Tony Blair urges EU to elect a president (so who could be in contention?)

Former PM puts case for job he is said to have wanted in the past

Tony Blair is thought to have long coveted a senior role in European politics and failed to secure the EU presidency in 2009
Tony Blair is thought to have long coveted a senior role in European politics and failed to secure the EU presidency in 2009

Tony Blair has called on the European Union to consider carrying out continent-wide elections for a President of Europe, a move he claimed would restore confidence in the wake of the eurozone crisis.

The former Labour prime minister, who has hinted in the past that he would consider taking the job, said an elected president would help voters feel less alienated from Brussels.

"Out of this European crisis can come the opportunity finally to achieve a model of European integration that is sustainable," Mr Blair told an audience of senior politicians in Berlin. "A Europe-wide election for the presidency of the Commission or Council is the most direct way to involve the public.

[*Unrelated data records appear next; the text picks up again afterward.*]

Theorem corollary4p1
  (p N : nat) (x : nat -> R) (y : nat -> nat -> R) (alpha : nat -> R)
  (Lam : nat -> R -> R) (ell phi : R -> R)
  (HN : (1 <= N)%nat)
  (Hx : forall i, (i < N)%nat -> x i < x (S i))
  (HLam : is_lidstone_family Lam)
  (Halpha : in_Theta x N p alpha)
  (Hell_C : C_on (2 * p) (x 0%nat) (x N) ell)
  (Hell_eq : forall n, (1 <= n <= N)%nat -> forall t, x 0%nat <= t <= x N ->
       ell (L_map x N n t) = alpha n * ell t + q_fun Lam x y alpha N p n t)
  (Hphi : forall n, (1 <= n <= N)%nat -> forall t, x (n - 1)%nat <= t <= x n ->
       phi t = sum_f_R0 (fun l =>
         (y (n - 1)%nat l * Lam l ((x n - t) / (x n - x (n - 1)%nat))
          + y n l * Lam l ((t - x (n - 1)%nat) / (x n - x (n - 1)%nat)))
         * (x n - x (n - 1)%nat) ^ (2 * l)) p) :
  sup_norm (x 0%nat) (x N) (fun t => ell t - phi t)
  <= alpha_max alpha N / (1 - alpha_max alpha N)
     * (sup_norm (x 0%nat) (x N) phi + M0 x y N p).
Proof.
  pose proof (nodes_lt_ends N x HN Hx) as Hab.
  apply le_of_le_contraction.
  { split; [apply alpha_max_ge0 | exact (alpha_max_lt_1_of_in_Theta p N x alpha HN Hx Halpha)]. }
  destruct (phi_bounded p N x y Lam phi HN Hx HLam Hphi) as [Mphi HMphi].
  destruct (continuous_within_bounded _ _ ell (Rlt_le _ _ Hab)
              (C_on_continuous_within _ _ _ _ Hell_C)) as [Mell HMell].
  assert (Herr : forall t, x 0%nat <= t <= x N -> Rabs (ell t - phi t) <= Mell + Mphi).
  { intros t Ht; pose proof (Rabs_triang (ell t) (- phi t)); rewrite Rabs_Ropp in *.
    pose proof (HMell t Ht); pose proof (HMphi t Ht); unfold Rminus; lra. }
  apply (sup_norm_le _ _ _ _ _ (Rlt_le _ _ Hab) Herr).
  apply (Rabs_error_le p N x y alpha Lam ell phi HN Hx HLam Hell_eq Hphi);
    intros s Hs;
    [apply (Rabs_le_sup_norm _ _ (fun t => ell t - phi t) (Mell + Mphi))
    | apply (Rabs_le_sup_norm _ _ phi Mphi)]; auto; lra.
Qed.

An election for a big post held by one person – this people can understand."

The proposal was one of a raft of measures that Mr Blair said were necessary to restore the confidence of the public and markets. He added that economic and political reforms of the EU should be implemented as part of a "Grand Bargain", rather than in incremental steps, as has been the case so far. "We should recognise that the underlying, profound rationale for Europe and its union is stronger than ever," he added.

Mr Blair's proposals are likely to be viewed as a further hint that he is positioning himself as a candidate for such a job. In the run-up to the Lisbon Treaty, Mr Blair was tipped as a front-runner for the newly created post of EU President.

It was reported at the time that Mr Blair dispatched his former chief of staff Jonathan Powell to lobby European leaders on his behalf and ensure his name was among a list of contenders.

Mr Blair's hopes were dashed when Gordon Brown, then Prime Minister, dropped his support, and the bloc's 27 leaders named Herman Van Rompuy as the EU's first president.

Recent comments made by Mr Blair suggest that his ambition has not waned. In June this year, he told BBC Radio that he did not want a major job in the EU "at the moment".

Asked on BBC Radio Four's World at One if he would like to be the elected president of the EU, he said: "I think that's a way, way down the line".

Last night, Nigel Farage MEP, the leader of the UK Independence Party, questioned the motives behind Mr Blair's proposals. "Mr Blair is so out of touch and only interested in furthering his own ambitions. It is no surprise that under his leadership the country was heading towards a financial crisis with unsustainable economic growth."

"What the people of this country want is not a directly elected president, but a referendum on our future relationship with Europe," he added.

A spokesman for Tony Blair's office said the idea of a directly elected president was "not new at all", and was touted by Mr Blair and other European leaders as early as 2003 "as a way to help close the democratic deficit of the EU".